Viewpoint: Walmart's healthcare strategy is 'a little offense and a little defense'

Andrea Park -

Though healthcare is not known for being particularly open to lasting change, Walmart's ongoing attempt to revolutionize care delivery with its consumer-first approach could be the one that sticks, according to Knowledge@Wharton.

In a recent podcast from the business analysis journal, Mark Pauly, PhD, a professor of healthcare management at the Philadelphia-based Wharton School of the University of Pennsylvania, and Robert Field, PhD, a professor of health management and policy at Philadelphia-based Drexel University's Dornsife School of Public Health, discussed Walmart's push into healthcare.

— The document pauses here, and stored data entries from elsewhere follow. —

(* Let $f:\mathbb{R}^{n\times n}\to\mathbb{R}$ be differentiable and suppose there are constants $\underline{\nu}_f\le\overline{\nu}_f$ with $\frac{\underline{\nu}_f}{2}\|Y-X\|_{\mathsf F}^2\le f(Y)-f(X)-\langle\nabla f(X),Y-X\rangle\le\frac{\overline{\nu}_f}{2}\|Y-X\|_{\mathsf F}^2$ for all $X,Y\in\mathcal{D}_n$. Let $c_2>0$ satisfy $|f(X)-f(Y)|\ge c_2$ for all $X,Y\in\Pi_n$ with $f(X)\ne f(Y)$. Let $0<p<1$, $\epsilon\ge0$, $\overline{\nu}_h=p(1-p)(1+\epsilon)^{p-2}$, $K\ge1$, $\hat X_1,\dots,\hat X_K\in\mathcal{D}_n$, $\bar X=\frac1K\sum_{i=1}^K\hat X_i$. Suppose $0<\mu<\frac{c_2}{2n}$ and $\sigma>\max\{(\overline{\nu}_f-2\mu)/\overline{\nu}_h,0\}$. Then any global minimizer $\tilde X$ of \[ \min_{X\in\mathcal{D}_n}\ f(X)+\sigma\sum_{i,j=1}^n(X_{ij}+\epsilon)^p-\mu\|X-\bar X\|_{\mathsf F}^2 \] is a global minimizer of $\min_{X\in\Pi_n}f(X)$, and $\|\tilde X-\bar X\|_{\mathsf F}\ge\|X^*-\bar X\|_{\mathsf F}$ for every global minimizer $X^*$ of $\min_{X\in\Pi_n}f(X)$.
   Context: $\Pi_n$ is the set of $n\times n$ permutation matrices and $\mathcal{D}_n=\{X\in\mathbb{R}^{n\times n}: X\mathbf{e}=X^{\mathsf T}\mathbf{e}=\mathbf{e},\ X\ge0\}$ the set of doubly stochastic matrices ($\mathbf e$ the all-ones vector); $\langle M,N\rangle=\mathrm{tr}(M^{\mathsf T}N)$, $\|\cdot\|_{\mathsf F}$ the Frobenius norm. *)

From HB Require Import structures.
From mathcomp Require Import all_boot all_order all_algebra.
From mathcomp Require Import all_classical all_reals all_analysis.
Set Implicit Arguments. Unset Strict Implicit. Unset Printing Implicit Defensive.
Import Order.TTheory GRing.Theory Num.Theory.
Import numFieldNormedType.Exports.
Local Open Scope ring_scope.

Definition frob_inner (R : realType) (n : nat) (M N : 'M[R]_n) : R :=
  \sum_(i < n) \sum_(j < n) M i j * N i j.

Definition frob_norm (R : realType) (n : nat) (M : 'M[R]_n) : R :=
  Num.sqrt (frob_inner M M).

Definition doubly_stochastic (R : realType) (n : nat) (X : 'M[R]_n) : Prop :=
  (forall i j, 0 <= X i j) /\
  (forall i, \sum_(j < n) X i j = 1) /\
  (forall j, \sum_(i < n) X i j = 1).

Definition grad (R : realType) (n : nat) (f : 'M[R]_n -> R) (X : 'M[R]_n)
  : 'M[R]_n := \matrix_(i, j) ('D_(delta_mx i j) f X).

From HB Require Import structures.
From mathcomp Require Import all_boot all_order all_algebra.
From mathcomp Require Import all_classical all_reals all_analysis.
From mathcomp Require Import perm ring lra.
Set Implicit Arguments. Unset Strict Implicit. Unset Printing Implicit Defensive.
Import Order.TTheory GRing.Theory Num.Theory.
Import numFieldNormedType.Exports.
Local Open Scope classical_set_scope.
Local Open Scope ring_scope.

(* A minimizer Xt of the objective over the doubly stochastic matrices is a
   vertex of that polytope.  Otherwise the fractional entries of Xt support a
   nonzero matrix E with zero row and column sums (on that support the row and
   column constraints number at most its size and are linearly dependent), and
   Xt + E, Xt - E stay doubly stochastic once E is scaled down.  Along this
   segment the objective is strictly concave: f bends up by at most nu_hi, the
   penalty bends down by at least sigma * nu_h because (x + eps) ^ p is strongly
   concave on [0, 1], and -mu ||X - Xbar||^2 contributes -2 mu.  So Xt + E or
   Xt - E would be strictly better.  On permutation matrices the penalty is
   constant and ||X - Xbar||^2 varies by at most 2 n, so mu < c2 / (2 n) forces
   f (Xt) to be minimal; among the f-minimal permutations, minimizing the
   objective means maximizing the distance to Xbar. *)

Section StrongConcavity.
Variable R : realType.

Lemma midpoint_le_of_derive_nonincr (g dg : R -> R) (z s : R) : 0 <= s ->
  (forall x, z - s <= x <= z + s -> is_derive x 1 g (dg x)) ->
  (forall x y, z - s < x -> x <= y -> y < z + s -> dg y <= dg x) ->
  g (z + s) + g (z - s) <= 2 * g z.
Proof.
rewrite le_eqVlt => /predU1P[<- _ _|s0 gD dg_nincr]; first by rewrite addr0 subr0; lra.
have mvt a b : z - s <= a -> a < b -> b <= z + s ->
    exists2 c, a < c < b & g b - g a = dg c * (b - a).
  move=> sa ab bs.
  have gD' x : x \in `]a, b[ -> is_derive x 1 g (dg x).
    by rewrite in_itv /= => /andP[ax xb]; apply: gD; lra.
  have gC : {within `[a, b], continuous g}.
    apply: derivable_within_continuous => x; rewrite in_itv /= => /andP[ax xb].
    have xI : z - s <= x <= z + s by lra.
    by have [] := gD x xI.
  by have [c] := MVT ab gD' gC; rewrite in_itv; exists c.
have [c1 /andP[c1l c1r] E1] := mvt (z - s) z (lexx _) ltac:(lra) ltac:(lra).
have [c2 /andP[c2l c2r] E2] := mvt z (z + s) ltac:(lra) ltac:(lra) (lexx _).
have := dg_nincr c1 c2 c1l ltac:(lra) c2r.
rewrite (_ : z - (z - s) = s) in E1; last by ring.
rewrite (_ : z + s - z = s) in E2; last by ring.
nra.
Qed.

Lemma powR_MVT (q a b : R) : 0 < a -> a < b ->
  exists2 c, a < c < b & b `^ q - a `^ q = q * c `^ (q - 1) * (b - a).
Proof.
move=> a0 ab.
have powD x : x \in `]a, b[ -> is_derive x 1 (fun y : R => y `^ q) (q * x `^ (q - 1)).
  by rewrite in_itv /= => /andP[ax _]; apply: is_derive1_powR; lra.
have powC : {within `[a, b], continuous (fun y : R => y `^ q)}.
  apply: derivable_within_continuous => x; rewrite in_itv /= => /andP[ax _].
  have x0 : 0 < x by lra.
  by have [] := is_derive1_powR q x0.
by have [c] := MVT ab powD powC; rewrite in_itv; exists c.
Qed.

Lemma le0_ger_powR (q a b : R) : q <= 0 -> 0 < a -> a <= b -> b `^ q <= a `^ q.
Proof.
move=> q0 a0 ab.
have : a `^ (- q) <= b `^ (- q) by apply: ge0_ler_powR; rewrite ?nnegrE; lra.
by rewrite !powRN lef_pV2 ?posrE ?powR_gt0 //; lra.
Qed.

(* p (1 - p) B ^ (p - 2) is the least value of -(w ^ p)'' on ]0, B]. *)
Lemma powR_midpoint_strong_concave (p B z s : R) : 0 < p < 1 ->
  0 < z - `|s| -> z + `|s| <= B ->
  (z + s) `^ p + (z - s) `^ p <= 2 * z `^ p - p * (1 - p) * B `^ (p - 2) * s ^+ 2.
Proof.
wlog s0 : s / 0 <= s => [hwlog|].
  have [/hwlog //|/ltW s_le0 p01 zs zsB] := leP 0 s.
  have := hwlog (- s); rewrite normrN sqrrN opprK oppr_ge0 => /(_ s_le0 p01 zs zsB).
  by rewrite addrC.
rewrite ger0_norm // => /andP[p0 p1] zs zsB.
set k := p * (1 - p) * B `^ (p - 2) / 2.
pose psi w := w `^ p + k * w ^+ 2.
pose dpsi w := p * w `^ (p - 1) + k * (2 * w).
suff : psi (z + s) + psi (z - s) <= 2 * psi z.
  have -> : psi (z + s) + psi (z - s) = (z + s) `^ p + (z - s) `^ p + 2 * k * (z ^+ 2 + s ^+ 2).
    by rewrite /psi; ring.
  by rewrite /psi /k; lra.
apply: (@midpoint_le_of_derive_nonincr psi dpsi) => // [x xI|x y xl xy yr].
  have x0 : 0 < x by lra.
  have hsq : is_derive x (1 : R) (fun w => k * w ^+ 2) (k * (2 * x)).
    by apply: is_derive_eq; rewrite /GRing.scale /=; ring.
  exact: is_derive_eq (is_deriveD (is_derive1_powR p x0) hsq) _.
have [<-|neq_xy] := eqVneq x y; first exact: lexx.
have [c /andP[xc cy] E] := @powR_MVT (p - 1) x y ltac:(lra) ltac:(by rewrite lt_neqAle neq_xy xy).
have Bc : B `^ (p - 2) <= c `^ (p - 2) by apply: le0_ger_powR; lra.
rewrite -subr_le0 (_ : dpsi y - dpsi x = p * (y `^ (p - 1) - x `^ (p - 1)) + k * 2 * (y - x)).
  2: by rewrite /dpsi; ring.
rewrite E (_ : p - 1 - 1 = p - 2) /k; last by ring.
have : 0 <= p * (1 - p) * (y - x) * (c `^ (p - 2) - B `^ (p - 2)).
  by apply: mulr_ge0; [apply: mulr_ge0; [apply: mulr_ge0|]|]; lra.
lra.
Qed.
End StrongConcavity.

Section Frobenius.
Variables (R : realType) (n : nat).
Implicit Types A B E M N : 'M[R]_n.

Lemma frob_innerE M N : frob_inner M N = \sum_(k : 'I_n * 'I_n) M k.1 k.2 * N k.1 k.2.
Proof. by rewrite /frob_inner pair_bigA. Qed.

Lemma frob_inner_ge0 M : 0 <= frob_inner M M.
Proof. by rewrite frob_innerE sumr_ge0 // => k _; rewrite -expr2 sqr_ge0. Qed.

Lemma frob_norm_sq M : frob_norm M ^+ 2 = frob_inner M M.
Proof. by rewrite sqr_sqrtr // frob_inner_ge0. Qed.

Lemma frob_norm_ge0 M : 0 <= frob_norm M.
Proof. exact: sqrtr_ge0. Qed.

Lemma frob_innerN M N : frob_inner M (- N) = - frob_inner M N.
Proof. by rewrite !frob_innerE -sumrN; apply: eq_bigr => k _; rewrite mxE mulrN. Qed.

Lemma frob_normN M : frob_norm (- M) = frob_norm M.
Proof.
rewrite /frob_norm !frob_innerE; congr Num.sqrt.
by apply: eq_bigr => k _; rewrite mxE mulrNN.
Qed.

Lemma frob_norm_sq_gt0 M : M != 0 -> 0 < frob_norm M ^+ 2.
Proof.
move=> M_neq0; rewrite frob_norm_sq lt_def frob_inner_ge0 andbT.
apply: contra_neq M_neq0; rewrite frob_innerE => /eqP.
rewrite psumr_eq0 => [/allP M0|k _]; last by rewrite -expr2 sqr_ge0.
apply/matrixP => i j; rewrite mxE; apply/eqP.
by have /implyP := M0 (i, j) (mem_index_enum _); rewrite -expr2 sqrf_eq0; apply.
Qed.

Lemma frob_norm_parallelogram A E :
  frob_norm (A + E) ^+ 2 + frob_norm (A - E) ^+ 2
    = 2 * frob_norm A ^+ 2 + 2 * frob_norm E ^+ 2.
Proof.
rewrite !frob_norm_sq !frob_innerE !mulr_sumr -!big_split /=.
by apply: eq_bigr => k _; rewrite !mxE; ring.
Qed.

Lemma smooth_midpoint_le (C : 'M[R]_n -> Prop) (f : 'M[R]_n -> R)
    (g : 'M[R]_n -> 'M[R]_n) (nu : R) A E :
  (forall X Y, C X -> C Y ->
     f Y - f X - frob_inner (g X) (Y - X) <= nu / 2 * frob_norm (Y - X) ^+ 2) ->
  C A -> C (A + E) -> C (A - E) ->
  f (A + E) + f (A - E) <= 2 * f A + nu * frob_norm E ^+ 2.
Proof.
move=> f_smooth CA CAE CAE'.
have := f_smooth _ _ CA CAE; have := f_smooth _ _ CA CAE'.
rewrite (addrC (A + E)) (addrC (A - E)) !addKr frob_innerN frob_normN.
lra.
Qed.

End Frobenius.

Section Penalty.
Variables (R : realType) (n : nat) (p eps : R).
Hypotheses (p01 : 0 < p < 1) (eps_ge0 : 0 <= eps).

Definition penalty (X : 'M[R]_n) : R := \sum_(i < n) \sum_(j < n) (X i j + eps) `^ p.

Lemma penalty_midpoint (X E : 'M[R]_n) :
  (forall i j, E i j != 0 -> `|E i j| < X i j /\ X i j + `|E i j| <= 1) ->
  penalty (X + E) + penalty (X - E)
    <= 2 * penalty X - p * (1 - p) * (1 + eps) `^ (p - 2) * frob_norm E ^+ 2.
Proof.
move=> E_small.
rewrite frob_norm_sq frob_innerE /penalty !pair_bigA !mulr_sumr -sumrB -big_split /=.
apply: ler_sum => -[i j] _ /=; rewrite !mxE.
have [->|E_neq0] := eqVneq (E i j) 0.
  by rewrite !(mulr0, oppr0, addr0, subr0); lra.
rewrite -expr2 !(addrAC (X i j) _ eps).
have [E_lt E_le1] := E_small i j E_neq0.
apply: powR_midpoint_strong_concave => //.
  by rewrite subr_gt0 (lt_le_trans E_lt) // lerDl.
by rewrite addrAC lerD2r.
Qed.

End Penalty.

Lemma double_card_imset_leq (T U : finType) (h : T -> U) (S : {set T}) :
  (forall x, x \in S -> exists2 y, y \in S & (y != x) && (h y == h x)) ->
  (2 * #|h @: S| <= #|S|)%N.
Proof.
move=> S2; rewrite -[#|S|]sum1_card (partition_big_imset h) /= mulnC -sum_nat_const.
apply: leq_sum => _ /imsetP[x xS ->]; have [y yS /andP[y_neq_x hyx]] := S2 x xS.
rewrite (bigD1 x) ?xS ?eqxx //= (bigD1 y) /= ?yS ?hyx ?y_neq_x //.
Qed.

Section BalancedDirection.
Variables (F : fieldType) (m n : nat) (S : {set 'I_m * 'I_n}).

Definition fiber_mx (I : finType) (h : 'I_m * 'I_n -> I) : 'M[F]_(#|S|, #|h @: S|) :=
  \matrix_(k, a) (h (enum_val k) == enum_val a)%:R.

Lemma fiber_mx_const1 (I : finType) (h : 'I_m * 'I_n -> I) :
  fiber_mx h *m (const_mx 1 : 'cV_#|h @: S|) = const_mx 1.
Proof.
apply/matrixP => k c; rewrite !mxE.
under eq_bigr do rewrite !mxE mulr1.
rewrite -(big_enum_val (fun y => (h (enum_val k) == y)%:R)) /=.
rewrite (bigD1 (h (enum_val k))) ?imset_f ?enum_valP //= eqxx big1 ?addr0 //.
by move=> y /andP[_ /negPf]; rewrite eq_sym => ->.
Qed.

Lemma fiber_mx_ker (I : finType) (h : 'I_m * 'I_n -> I) (u : 'rV[F]_#|S|) :
  u *m fiber_mx h = 0 -> forall c, \sum_(k | h (enum_val k) == c) u 0 k = 0.
Proof.
move=> uH c; have [cS|cNS] := boolP (c \in h @: S).
  have := congr1 (fun M : 'rV_#|h @: S| => M 0 (enum_rank_in cS c)) uH.
  rewrite !mxE => uHc; apply: etrans uHc; rewrite big_mkcond; apply: eq_bigr => k _.
  by rewrite !mxE enum_rankK_in //; case: eqP; rewrite ?mulr1 ?mulr0.
rewrite big_pred0 // => k; apply: contraNF cNS => /eqP <-.
by rewrite imset_f ?enum_valP.
Qed.

Hypotheses (S_gt0 : (0 < #|S|)%N)
  (S_row2 : forall x, x \in S -> exists2 y, y \in S & (y != x) && (y.1 == x.1))
  (S_col2 : forall x, x \in S -> exists2 y, y \in S & (y != x) && (y.2 == x.2)).

Definition incidence_mx := row_mx (fiber_mx fst) (fiber_mx snd).

(* A row or column meeting S meets it at least twice, so there are at most #|S|
   constraints; and the row constraints minus the column constraints sum to 0. *)
Lemma rank_incidence_mx_lt : (\rank incidence_mx < #|S|)%N.
Proof.
have card_le : (#|fst @: S| + #|snd @: S| <= #|S|)%N.
  have := leq_add (double_card_imset_leq S_row2) (double_card_imset_leq S_col2).
  by rewrite -mulnDr addnn -mul2n leq_pmul2l.
apply: leq_trans card_le; rewrite ltn_neqAle rank_leq_col andbT.
pose v := col_mx (const_mx 1 : 'cV[F]_#|fst @: S|) (- const_mx 1 : 'cV_#|snd @: S|).
have incidence_v : incidence_mx *m v = 0.
  by rewrite mul_row_col mulmxN !fiber_mx_const1 subrr.
have v_neq0 : v != 0.
  have [[i j] xS] := card_gt0P S_gt0.
  rewrite col_mx_eq0 negb_and; apply/orP; left; apply/negP => /eqP/matrixP.
  move=> /(_ (enum_rank_in (imset_f fst xS) i) 0); rewrite !mxE.
  by move/eqP; rewrite oner_eq0.
apply: contra_neq v_neq0 => rank_eq.
have : v^T *m incidence_mx^T == 0 by rewrite -trmx_mul incidence_v trmx0.
rewrite mulmx_free_eq0; last by rewrite /row_free mxrank_tr rank_eq.
by move/eqP/(congr1 trmx); rewrite trmxK trmx0.
Qed.

Lemma balanced_direction : exists D : 'M[F]_(m, n),
  [/\ D != 0, forall i, \sum_j D i j = 0, forall j, \sum_i D i j = 0
    & forall i j, D i j != 0 -> (i, j) \in S].
Proof.
pose u := nz_row (kermx incidence_mx).
have u_neq0 : u != 0.
  by rewrite nz_row_eq0 kermx_eq0 /row_free neq_ltn rank_incidence_mx_lt.
have [ufst usnd] : u *m fiber_mx fst = 0 /\ u *m fiber_mx snd = 0.
  apply/eq_row_mx; rewrite -mul_mx_row row_mx0; apply/sub_kermxP.
  exact: nz_row_sub.
pose D : 'M[F]_(m, n) := \matrix_(i, j) \sum_(k | enum_val k == (i, j)) u 0 k.
have D_enum k : D (enum_val k).1 (enum_val k).2 = u 0 k.
  rewrite mxE -surjective_pairing (eq_bigl (pred1 k)) ?big_pred1_eq // => l.
  by rewrite (inj_eq enum_val_inj).
have D_rows i : \sum_j D i j = \sum_(k | (enum_val k).1 == i) u 0 k.
  rewrite (partition_big (fun k => (enum_val k).2) predT) //=.
  apply: eq_bigr => j _; rewrite mxE; apply: eq_bigl => k.
  by rewrite -xpair_eqE -surjective_pairing.
have D_cols j : \sum_i D i j = \sum_(k | (enum_val k).2 == j) u 0 k.
  rewrite (partition_big (fun k => (enum_val k).1) predT) //=.
  apply: eq_bigr => i _; rewrite mxE; apply: eq_bigl => k.
  by rewrite andbC -xpair_eqE -surjective_pairing.
exists D; split.
- apply: contra_neq u_neq0 => D0; apply/rowP => k.
  by rewrite -D_enum D0 !mxE.
- by move=> i; rewrite D_rows (fiber_mx_ker ufst).
- by move=> j; rewrite D_cols (fiber_mx_ker usnd).
- move=> i j; apply: contraR => ijNS; rewrite mxE big_pred0 // => k.
  by apply: contraNF ijNS => /eqP <-; rewrite enum_valP.
Qed.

Dr. Field described the strategy as "a little offense and a little defense." Walmart has gone on the offensive by attempting to translate its longstanding retail dominance into the level of trust needed to be successful as a healthcare provider, and on the defensive by quickly expanding its healthcare efforts in order to stay ahead of competitors.

"Medicine has always been the ultimate personal business, where [consumers are] more aligned to a human being than to a product. You don't care where you get your statin, but you do care who your doctor is," Dr. Field said. "In general, we've been seeing healthcare become more corporate, less personal. Is that trend going to continue, or are we seeing a wall that Walmart is going to hit, and it's not going to be able to truly commercialize primary care the way it would like to?"

Both Dr. Field and Dr. Pauly said this strategy could therefore go either way: Walmart faces plenty of obstacles — especially in branding, logistics and consumer trust — but is also perhaps the retailer best positioned to conduct this "experiment" since, unlike Amazon, it already has a massive brick-and-mortar infrastructure.

"My view is, knock yourself out," Dr. Pauly said. "Innovation is a good idea generally, although in healthcare most innovation has not been successful. But when firms are willing to invest their own money in trying to do something imaginative, if they succeed, that's to the good of consumers, and if they don't, that's to the harm of their stockholders. But that's the way progress is going to be made."